According to an analysis of various use-cases of AI in the pharmaceutical industry by PWC where four business areas were examined: operations, research and development (R&D), commercial, and enabling functions, AI uses cases in operations were found to be most impactful (accounting for 39% of overall impact) with R&D and commercial use cases following at 26% and 24%, respectively. Examples of operational use cases may include inventory management or automating data capturing and analysis. Their report also posits a potential doubling of operating profits through application of AI in various areas of the business. Assuming a high degree of adoption and industrialization through AI, this could lead to a $254bn increase in operating profits worldwide by 2030 according to the PWC analysis. 

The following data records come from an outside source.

From Stdlib Require Import Reals Lra Lia.
From Coquelicot Require Import Coquelicot.
Open Scope R_scope.

(* In A(a,b) + A(b,a) the terms h(b) - h(a) and the exact area integrals
   2 int_a^b (f'g - g'f) cancel.  What is left are two "Taylor defects", each a
   sum of boundary terms f(a)(g(b) - T_a g(b)), ..., bounded by the hypothesis
   by alpha(|b-a|)|b-a|^m, and of the integral over [a,b] of the difference
   between the area forms of (T_a f, T_a g) and of (f, g).  Writing that
   difference as a sum of products of a Taylor error (of order
   alpha(|b-a|)|b-a|^(m-1) for derivatives, alpha(|b-a|)|b-a|^m for values) by
   a derivative or Taylor polynomial (bounded on a segment containing K), it is
   O(alpha(|b-a|)|b-a|^(m-1)), so the integral is O(alpha(|b-a|)|b-a|^m). *)

Lemma ex_derive_Taylor m phi x t : ex_derive (Taylor m phi x) t.
Proof.
  apply (@ex_derive_sum_n R_AbsRing R_NormedModule
           (fun k t => Derive_n phi k x / INR (Factorial.fact k) * (t - x) ^ k)).
  intros; auto_derive; auto.
Qed.

Lemma continuous_Taylor m phi x t : continuous (Taylor m phi x) t.
Proof. apply (@ex_derive_continuous R_AbsRing R_NormedModule), ex_derive_Taylor. Qed.

Lemma continuous_Derive_Taylor m phi x t : continuous (Derive (Taylor m phi x)) t.
Proof.
  set (c k := Derive_n phi k x / INR (Factorial.fact k)).
  apply continuous_ext with (fun t => sum_n (fun k => c k * (INR k * (t - x) ^ pred k)) m).
  - intros u. symmetry. apply is_derive_unique.
    apply (@is_derive_sum_n R_AbsRing R_NormedModule (fun k t => c k * (t - x) ^ k)).
    intros k _. auto_derive; auto. now rewrite Rmult_1_l.
  - apply (@ex_derive_continuous R_AbsRing R_NormedModule).
    apply (@ex_derive_sum_n R_AbsRing R_NormedModule
             (fun k t => c k * (INR k * (t - x) ^ pred k))).
    intros; auto_derive; auto.
Qed.

Definition area_form (phi psi : R -> R) (t : R) : R :=
  Derive phi t * psi t - Derive psi t * phi t.

Lemma continuous_area_form phi psi t :
  continuous phi t -> continuous psi t ->
  continuous (Derive phi) t -> continuous (Derive psi) t ->
  continuous (area_form phi psi) t.
Proof.
  intros. apply (@continuous_minus R_UniformSpace R_AbsRing R_NormedModule);
    apply (@continuous_mult R_UniformSpace R_AbsRing); assumption.
Qed.

Lemma ex_RInt_area_form phi psi a b :
  (forall t, continuous phi t) -> (forall t, continuous psi t) ->
  (forall t, continuous (Derive phi) t) -> (forall t, continuous (Derive psi) t) ->
  ex_RInt (area_form phi psi) a b.
Proof.
  intros. apply (@ex_RInt_continuous R_CompleteNormedModule).
  intros t _. apply continuous_area_form; auto.
Qed.

Lemma ex_RInt_area_form_Taylor m phi psi x a b :
  ex_RInt (area_form (Taylor m phi x) (Taylor m psi x)) a b.
Proof.
  apply ex_RInt_area_form; intros;
    auto using continuous_Taylor, continuous_Derive_Taylor.
Qed.

Lemma ex_RInt_area_form_smooth m phi psi a b :
  (1 <= m)%nat ->
  (forall k x, (k <= m)%nat -> continuous (Derive_n phi k) x) ->
  (forall k x, (k <= m)%nat -> continuous (Derive_n psi k) x) ->
  ex_RInt (area_form phi psi) a b.
Proof.
  intros m_pos phi_smooth psi_smooth. apply ex_RInt_area_form; intro t;
    [apply (phi_smooth 0%nat) | apply (psi_smooth 0%nat)
    | apply (phi_smooth 1%nat) | apply (psi_smooth 1%nat)]; lia.
Qed.

Definition taylor_defect (m : nat) (f g : R -> R) (a b : R) : R :=
  - 2 * (RInt (area_form (Taylor m f a) (Taylor m g a)) a b - RInt (area_form f g) a b)
  + 2 * f a * (g b - Taylor m g a b) - 2 * g a * (f b - Taylor m f a b).

Lemma Aarea_eq_defect m f g h a b :
  Aarea m f g h a b = h b - h a - 2 * RInt (area_form f g) a b + taylor_defect m f g a b.
Proof. unfold Aarea, taylor_defect, area_form. ring. Qed.
Definition G_SSSV (n k : nat) (S : {set 'I_n}) : {mpoly F[nseed n k]} :=
  (Q_SSSV n k)@_(mnmS S).

(* the subset S corresponding to the coordinate of index i (0-based):
   i = \sum_{k in S} 2^k, i.e. S is the set of binary digits of i *)
Definition set_of_index (n : nat) (i : nat) : {set 'I_n} :=
  [set k : 'I_n | odd (i %/ 2 ^ k)].

(* An affine form c + sum_i a_i x_i; a product gate is a list of affine
   forms; a formula is a list of product gates (top sum gate). *)
Definition affine (n : nat) := (F * {ffun 'I_n -> F})%type.
Definition spsformula (n : nat) := seq (seq (affine n)).

Definition affine_poly (n : nat) (l : affine n) : {mpoly F[n]} :=
  l.1%:MP + \sum_(i < n) l.2 i *: 'X_i.

Definition sps_poly (n : nat) (f : spsformula n) : {mpoly F[n]} :=
  \sum_(P <- f) \prod_(l <- P) affine_poly l.

Definition affine_supp (n : nat) (l : affine n) : {set 'I_n} :=
  [set i | l.2 i != 0].

Definition sps_multilinear (n : nat) (f : spsformula n) : bool :=
  all (fun P : seq (affine n) =>
         [forall j1 : 'I_(size P), forall j2 : 'I_(size P),
            (j1 < j2)%N ==>
            [disjoint affine_supp (nth (0, [ffun=> 0]) P j1)
                    & affine_supp (nth (0, [ffun=> 0]) P j2)]]) f.

(* size: one top sum gate, plus for each product gate 1, plus for each
   affine form (a sum gate with its constant) 1 plus its number of
   variable inputs *)
Definition sps_size (n : nat) (f : spsformula n) : nat :=
  (1 + \sum_(P <- f) (1 + \sum_(l <- P) (1 + #|affine_supp l|)))%N.

(* s' is a rational size bound (it is the value p(log s, n) of a polynomial) *)
Definition computed_by_mlsps (n : nat) (s' : rat) (p : {mpoly F[n]}) : Prop :=
  exists f : spsformula n,
    [/\ sps_multilinear f, ((sps_size f)%:R <= s')%R & sps_poly f = p].

(* G : F^m -> F^{2^n} given by polynomials indexed by subsets of [n];
   the coordinate indexed by S is the variable X_{i+1} with
   i = sum_{k in S} 2^k. *)
Definition succinct_generator (n m : nat) (s' : rat)
    (G : {set 'I_n} -> {mpoly F[m]}) (D : {mpoly F[2 ^ n]} -> Prop) : Prop :=
  (forall alpha : 'I_m -> F,
     computed_by_mlsps s' (\sum_(S : {set 'I_n}) (G S).@[alpha] *: 'X_[mnmS S]))
  /\
  (forall P : {mpoly F[2 ^ n]}, D P ->
     (P != 0) = (P \mPo [tuple G (set_of_index n i) | i < 2 ^ n] != 0)).

Definition sparse (N s : nat) (P : {mpoly F[N]}) : Prop :=
  (size (msupp P) <= s)%N.

End Defs.

From HB Require Import structures.
From mathcomp Require Import all_boot all_order all_algebra.
From mathcomp Require Import mpoly.
From mathcomp Require Import ring.
Import Order.TTheory GRing.Theory Num.Theory.
Set Implicit Arguments. Unset Strict Implicit. Unset Printing Implicit Defensive.
Local Open Scope ring_scope.

(** For fixed seeds [y, z], the coefficient vector of Q^SSSV is the polynomial
    [sum_j y_j prod_i (z_ji x_i + 1 - z_ji) + prod_i (x_i + 1)] itself, a
    multilinear depth-3 formula with [k + 1] product gates of [n] univariate
    factors.  For the hitting property, a nonzero polynomial with at most [2^k]
    monomials stays nonzero after setting all but some [k] of its variables to
    [1], because [k] variables suffice to isolate one of its monomials.  Taking
    [y_j = X_a - 1] and [z_j] the binary digits of [a], for [a] ranging over
    these [k] variables, makes the generator output [X_a] at coordinate [a] and
    [1] elsewhere, so [P \o G] specializes to that nonzero restriction. *)

Section MultilinearExpansion.
Variables (R : comNzRingType) (n : nat).

Lemma prod_mpolyX_set (S : {set 'I_n}) :
  \prod_(i in S) 'X_i = 'X_[mnmS S] :> {mpoly R[n]}.
Proof.
symmetry; rewrite mpolyXE_id (bigID (mem S)) /= [X in _ * X = _]big1 ?mulr1.
  by apply: eq_bigr => i iS; rewrite mnmE iS expr1.
by move=> i /negbTE iS; rewrite mnmE iS expr0.
Qed.

Lemma mnmS_inj : injective (@mnmS n).
Proof.
move=> S S' /mnmP eqSS'; apply/setP => i; have := eqSS' i; rewrite !mnmE.
by case: (i \in S); case: (i \in S').
Qed.

Lemma mcoeff_sum_mnmS (c : {set 'I_n} -> R) S :
  (\sum_(S' : {set 'I_n}) c S' *: 'X_[mnmS S'] : {mpoly R[n]})@_(mnmS S) = c S.
Proof.
rewrite raddf_sum (bigD1 S) //= big1 ?addr0 => [|S' neqS'S].
  by rewrite mcoeffZ mcoeffX eqxx mulr1.
by rewrite mcoeffZ mcoeffX inj_eq ?(negbTE neqS'S) ?mulr0 //; apply: mnmS_inj.
Qed.

Lemma prod_affine_mpolyE (a b : 'I_n -> R) :
  \prod_(i < n) (a i *: 'X_i + (b i)%:MP) =
  \sum_(S : {set 'I_n}) (\prod_(i in S) a i * \prod_(i in ~: S) b i) *: 'X_[mnmS S]
  :> {mpoly R[n]}.
Proof.
pose t (i : 'I_n) (x : bool) : {mpoly R[n]} := if x then a i *: 'X_i else (b i)%:MP.
transitivity (\prod_(i < n) \sum_(x : bool) t i x).
  by apply: eq_bigr => i _; rewrite big_bool /= addrC.
rewrite bigA_distr_bigA /= (reindex (fun S : {set 'I_n} => [ffun i => i \in S])) /=.
  apply: eq_bigr => S _; rewrite (bigID (mem S)) /=.
  rewrite (eq_bigr (fun i => (a i)%:MP * 'X_i)) => [|i iS]; last first.
    by rewrite ffunE /t iS mul_mpolyC.
  rewrite (eq_bigr (fun i => (b i)%:MP) (P := fun i => i \notin S)) => [|i iS]; last first.
    by rewrite ffunE /t (negbTE iS).
  rewrite big_split /= prod_mpolyX_set -!rmorph_prod /= mulrAC -mpolyCM mul_mpolyC.
  by congr ((_ * _) *: _); apply: eq_bigl => i; rewrite inE.
exists (fun f : {ffun 'I_n -> bool} => [set i | f i]) => [S _|f _].
  by apply/setP => i; rewrite inE ffunE.
by apply/ffunP => i; rewrite ffunE inE.
Qed.

Definition Pcoef (z : 'I_n -> R) (S : {set 'I_n}) : R :=
  \prod_(i in S) z i * \prod_(i in ~: S) (1 - z i).

Lemma eq_Pcoef S (z z' : 'I_n -> R) : z =1 z' -> Pcoef z S = Pcoef z' S.
Proof. by move=> eq_z; congr (_ * _); apply: eq_bigr => i _; rewrite eq_z. Qed.

Lemma Pcoef_indicator (A S : {set 'I_n}) :
  Pcoef (fun i => (i \in A)%:R) S = (S == A)%:R.
Proof.
rewrite /Pcoef; have [->|neqSA] := eqVneq S A.
  rewrite big1 => [|i]; last by move=> ->.
  by rewrite mul1r big1 // => i; rewrite inE => /negbTE->; rewrite subr0.
have [i] : exists i, (i \in S) != (i \in A).
  apply/existsP; apply: contraNT neqSA => /existsPn eqSA.
  by apply/eqP/setP => j; apply/eqP/negPn/eqSA.
case iS: (i \in S); case iA: (i \in A) => // _.
  by rewrite (bigD1 i) //= iA !mul0r.
by rewrite [X in _ * X](bigD1 i) ?inE ?iS //= iA subrr mul0r mulr0.
Qed.

End MultilinearExpansion.
Lemma vtx_eq u w : u.1 < n -> w.1 < n -> (vtx u == vtx w) = (u == w).
Proof.
by case: u w => [i b] [j d] /= i_lt j_lt; rewrite !xpair_eqE -val_eqE /= !modn_small.
Qed.

Lemma vtx_val (x : 'I_n * bool) : vtx (val x.1, x.2) = x.
Proof. by case: x => i b; congr (_, _); apply: val_inj; apply/modn_small/ltn_ord. Qed.

Lemma prism_simple : simple_graph (prism_adj n).
Proof.
split=> [x y|x].
  by rewrite /prism_adj /cyc_adj (eq_sym x.2) (eq_sym x.1) (orbC (val y.1 == _)).
rewrite -[x]vtx_val prism_adj_vtx //= /coord_adj /cyc_succ eqxx /=.
by have := ltn_ord x.1; lia.
Qed.

Definition origin_nbrs : seq ('I_n * bool) :=
  [:: vtx (1, false); vtx (n.-1, false); vtx (0, true)].

Lemma origin_adj (y : 'I_n * bool) : prism_adj n origin y = (y \in origin_nbrs).
Proof.
case: y => i b; have := ltn_ord i; rewrite -[(i, b)]vtx_val /origin !inE /=.
rewrite prism_adj_vtx ?vtx_eq //=; try lia.
by rewrite !xpair_eqE /coord_adj /cyc_succ /=; case: b => /=; lia.
Qed.

Lemma origin_nbrs_uniq : uniq origin_nbrs.
Proof.
rewrite /= !inE ?vtx_eq //=; try lia.
by rewrite !xpair_eqE /=; lia.
Qed.

Lemma prism_cubic : cubic (prism_adj n).
Proof.
move=> v; rewrite -(turn_origin v) (nbhs_map (turn_bij _ _) (prism_adj_turn _ _)).
rewrite card_imset; last exact/bij_inj/turn_bij.
transitivity #|origin_nbrs|; last exact/card_uniqP/origin_nbrs_uniq.
by apply: eq_card => y; rewrite inE origin_adj.
Qed.

Definition coord_walk (g : nat -> nat * bool) (L : nat) : seq ('I_n * bool) :=
  [seq vtx (g k) | k <- iota 1 L].

Definition coord_trail (g : nat -> nat * bool) (L : nat) : Prop :=
  [/\ forall k, k <= L -> (g k).1 < n,
      forall k, k < L -> coord_adj (g k) (g k.+1)
    & forall k l, k < l < L ->
        ~~ (((g k == g l) && (g k.+1 == g l.+1)) ||
            ((g k == g l.+1) && (g k.+1 == g l)))].

Definition coord_spanning (g : nat -> nat * bool) (L : nat) : Prop :=
  forall u, u.1 < n -> exists2 k, k <= L & g k = u.

Lemma edge_of_vtx_eqE a b c d : a.1 < n -> b.1 < n -> c.1 < n -> d.1 < n ->
  (edge_of (vtx a) (vtx b) == edge_of (vtx c) (vtx d)) =
  ((a == c) && (b == d)) || ((a == d) && (b == c)).
Proof. by move=> *; rewrite edge_of_eqE !vtx_eq. Qed.

Lemma trail_coord_walk g L :
  coord_trail g L -> trail (prism_adj n) (vtx (g 0)) (coord_walk g L).
Proof.
case=> g_lt g_adj g_edges; apply: (trail_map_iota (G := fun k => vtx (g k))).
  by move=> k k_lt; rewrite prism_adj_vtx; [exact: g_adj | apply: g_lt; lia ..].
move=> k l kl_L; move: (kl_L) => /andP[lt_kl l_lt].
by rewrite edge_of_vtx_eqE; [exact: g_edges | apply: g_lt; lia ..].
Qed.

Lemma spans_coord_walk g L : coord_spanning g L -> spans (vtx (g 0)) (coord_walk g L).
Proof.
move=> g_onto; apply/forallP => y; rewrite -[y]vtx_val.
have [k k_le <-] := g_onto (val y.1, y.2) (ltn_ord y.1).
change (vtx (g k) \in [seq vtx (g i) | i <- iota 0 L.+1]).
by apply: (map_f (fun i => vtx (g i))); rewrite mem_iota; lia.
Qed.

Lemma mem_coord_walk_edges g L u w : coord_trail g L -> u.1 < n -> w.1 < n ->
  (edge_of (vtx u) (vtx w) \in walk_edges (vtx (g 0)) (coord_walk g L)) =
  has (fun k => ((g k == u) && (g k.+1 == w)) || ((g k == w) && (g k.+1 == u)))
      (iota 0 L).
Proof.
case=> g_lt _ _ u_lt w_lt; rewrite /walk_edges pairmap_map_iota -has_pred1 has_map.
apply: eq_in_has => k; rewrite mem_iota /= => k_in.
by rewrite edge_of_vtx_eqE //; apply: g_lt; lia.
Qed.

Recently, we had the pleasure of supporting a large pharmaceutical company in piloting an AI-powered voice assistant to streamline laboratory workflows and inventory management in their lab. They sought out to centralize and increase the accuracy of their inventory management and reduce time spent on data entry and record keeping during experimental protocols. We aimed to increase efficiency in the lab by developing a voice assistant that is able to guide scientists through workflows end-to-end. 

Pilot features

The most important features to pilot for our client were voice-powered data collection and record keeping during experimental protocols and voice-powered inventory management. Additionally, the ability to keep manual records up to date, especially inventory records, proved challenging with their current approach. Therefore, it was essential to not only enable scientists to record data and inventory usage using only their voice, but to enable the synchronization of user entered data with inventory management systems to ensure the items required for upcoming protocols were in stock and easily accessible.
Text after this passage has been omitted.